Aim of the task
Please output the data below exactly as given, starting at its first line and stopping after the line that contains "intros HA Hx Igh.".
════════
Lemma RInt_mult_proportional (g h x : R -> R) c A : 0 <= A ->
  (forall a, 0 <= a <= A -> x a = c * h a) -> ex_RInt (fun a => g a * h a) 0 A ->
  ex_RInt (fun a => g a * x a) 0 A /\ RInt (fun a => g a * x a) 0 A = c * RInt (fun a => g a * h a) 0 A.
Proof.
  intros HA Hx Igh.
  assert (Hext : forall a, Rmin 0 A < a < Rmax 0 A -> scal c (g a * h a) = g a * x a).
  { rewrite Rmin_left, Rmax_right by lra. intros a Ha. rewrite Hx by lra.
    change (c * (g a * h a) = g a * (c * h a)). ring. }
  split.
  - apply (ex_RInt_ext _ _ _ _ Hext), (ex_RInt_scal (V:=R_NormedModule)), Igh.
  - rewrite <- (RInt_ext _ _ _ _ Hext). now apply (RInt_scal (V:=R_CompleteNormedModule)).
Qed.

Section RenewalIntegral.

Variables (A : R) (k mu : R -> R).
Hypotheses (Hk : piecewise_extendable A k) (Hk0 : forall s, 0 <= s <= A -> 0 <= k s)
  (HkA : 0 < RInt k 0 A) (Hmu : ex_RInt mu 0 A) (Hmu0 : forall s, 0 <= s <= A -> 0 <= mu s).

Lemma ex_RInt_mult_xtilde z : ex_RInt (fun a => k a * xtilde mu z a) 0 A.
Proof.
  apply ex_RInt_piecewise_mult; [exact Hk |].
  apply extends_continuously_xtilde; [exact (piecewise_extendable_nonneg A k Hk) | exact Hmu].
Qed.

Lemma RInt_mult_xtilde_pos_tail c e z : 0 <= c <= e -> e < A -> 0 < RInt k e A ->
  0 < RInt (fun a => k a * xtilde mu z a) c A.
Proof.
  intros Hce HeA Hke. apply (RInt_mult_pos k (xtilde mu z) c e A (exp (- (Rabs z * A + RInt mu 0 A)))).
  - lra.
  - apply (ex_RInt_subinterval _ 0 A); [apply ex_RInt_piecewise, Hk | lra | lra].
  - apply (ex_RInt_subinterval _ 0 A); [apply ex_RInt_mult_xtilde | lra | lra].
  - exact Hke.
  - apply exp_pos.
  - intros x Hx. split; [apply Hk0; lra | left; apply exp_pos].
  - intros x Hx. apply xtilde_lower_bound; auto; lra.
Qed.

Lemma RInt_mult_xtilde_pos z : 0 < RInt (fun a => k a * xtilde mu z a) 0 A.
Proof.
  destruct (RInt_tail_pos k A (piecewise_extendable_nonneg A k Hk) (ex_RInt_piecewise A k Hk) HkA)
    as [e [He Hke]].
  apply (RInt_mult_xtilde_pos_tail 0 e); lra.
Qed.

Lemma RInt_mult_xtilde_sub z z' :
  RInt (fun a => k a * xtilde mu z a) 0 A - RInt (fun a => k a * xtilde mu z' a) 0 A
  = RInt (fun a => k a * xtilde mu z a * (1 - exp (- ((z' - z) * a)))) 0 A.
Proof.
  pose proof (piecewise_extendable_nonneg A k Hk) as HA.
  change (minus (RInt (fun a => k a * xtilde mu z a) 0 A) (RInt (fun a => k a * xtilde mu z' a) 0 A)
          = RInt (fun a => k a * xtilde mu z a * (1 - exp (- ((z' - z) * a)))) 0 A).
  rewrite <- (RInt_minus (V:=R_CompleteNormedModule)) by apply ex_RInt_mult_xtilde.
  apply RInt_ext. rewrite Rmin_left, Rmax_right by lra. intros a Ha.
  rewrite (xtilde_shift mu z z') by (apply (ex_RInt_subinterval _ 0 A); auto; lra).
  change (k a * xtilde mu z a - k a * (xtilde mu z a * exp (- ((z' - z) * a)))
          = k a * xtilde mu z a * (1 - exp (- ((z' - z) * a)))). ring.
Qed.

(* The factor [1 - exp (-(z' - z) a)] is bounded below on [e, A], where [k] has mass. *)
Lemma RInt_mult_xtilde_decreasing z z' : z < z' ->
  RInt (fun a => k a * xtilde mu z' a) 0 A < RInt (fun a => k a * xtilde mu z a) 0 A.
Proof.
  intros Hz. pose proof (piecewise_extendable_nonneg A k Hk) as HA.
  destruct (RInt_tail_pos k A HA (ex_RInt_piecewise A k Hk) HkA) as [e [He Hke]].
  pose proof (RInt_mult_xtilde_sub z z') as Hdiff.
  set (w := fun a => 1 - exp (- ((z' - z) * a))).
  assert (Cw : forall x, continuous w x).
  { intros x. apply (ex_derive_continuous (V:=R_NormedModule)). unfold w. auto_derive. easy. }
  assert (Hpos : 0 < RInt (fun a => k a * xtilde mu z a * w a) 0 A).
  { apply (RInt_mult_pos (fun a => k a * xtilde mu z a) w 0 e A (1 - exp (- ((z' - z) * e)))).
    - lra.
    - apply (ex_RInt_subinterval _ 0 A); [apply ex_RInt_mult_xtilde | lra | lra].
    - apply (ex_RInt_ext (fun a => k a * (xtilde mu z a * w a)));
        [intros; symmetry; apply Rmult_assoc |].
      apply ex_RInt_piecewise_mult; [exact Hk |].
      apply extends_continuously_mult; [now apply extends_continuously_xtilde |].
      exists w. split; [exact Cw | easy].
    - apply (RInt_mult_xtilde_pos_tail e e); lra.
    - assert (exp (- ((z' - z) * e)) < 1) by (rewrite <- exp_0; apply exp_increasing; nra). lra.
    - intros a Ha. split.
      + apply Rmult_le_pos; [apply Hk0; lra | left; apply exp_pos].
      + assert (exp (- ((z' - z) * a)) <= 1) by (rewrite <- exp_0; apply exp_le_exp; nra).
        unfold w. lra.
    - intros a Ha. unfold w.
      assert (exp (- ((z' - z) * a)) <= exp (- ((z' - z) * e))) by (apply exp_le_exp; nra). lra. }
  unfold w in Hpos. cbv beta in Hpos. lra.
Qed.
════════
Result for this exercise
Lemma RInt_mult_proportional (g h x : R -> R) c A : 0 <= A ->
  (forall a, 0 <= a <= A -> x a = c * h a) -> ex_RInt (fun a => g a * h a) 0 A ->
  ex_RInt (fun a => g a * x a) 0 A /\ RInt (fun a => g a * x a) 0 A = c * RInt (fun a => g a * h a) 0 A.
Proof.
  intros HA Hx Igh.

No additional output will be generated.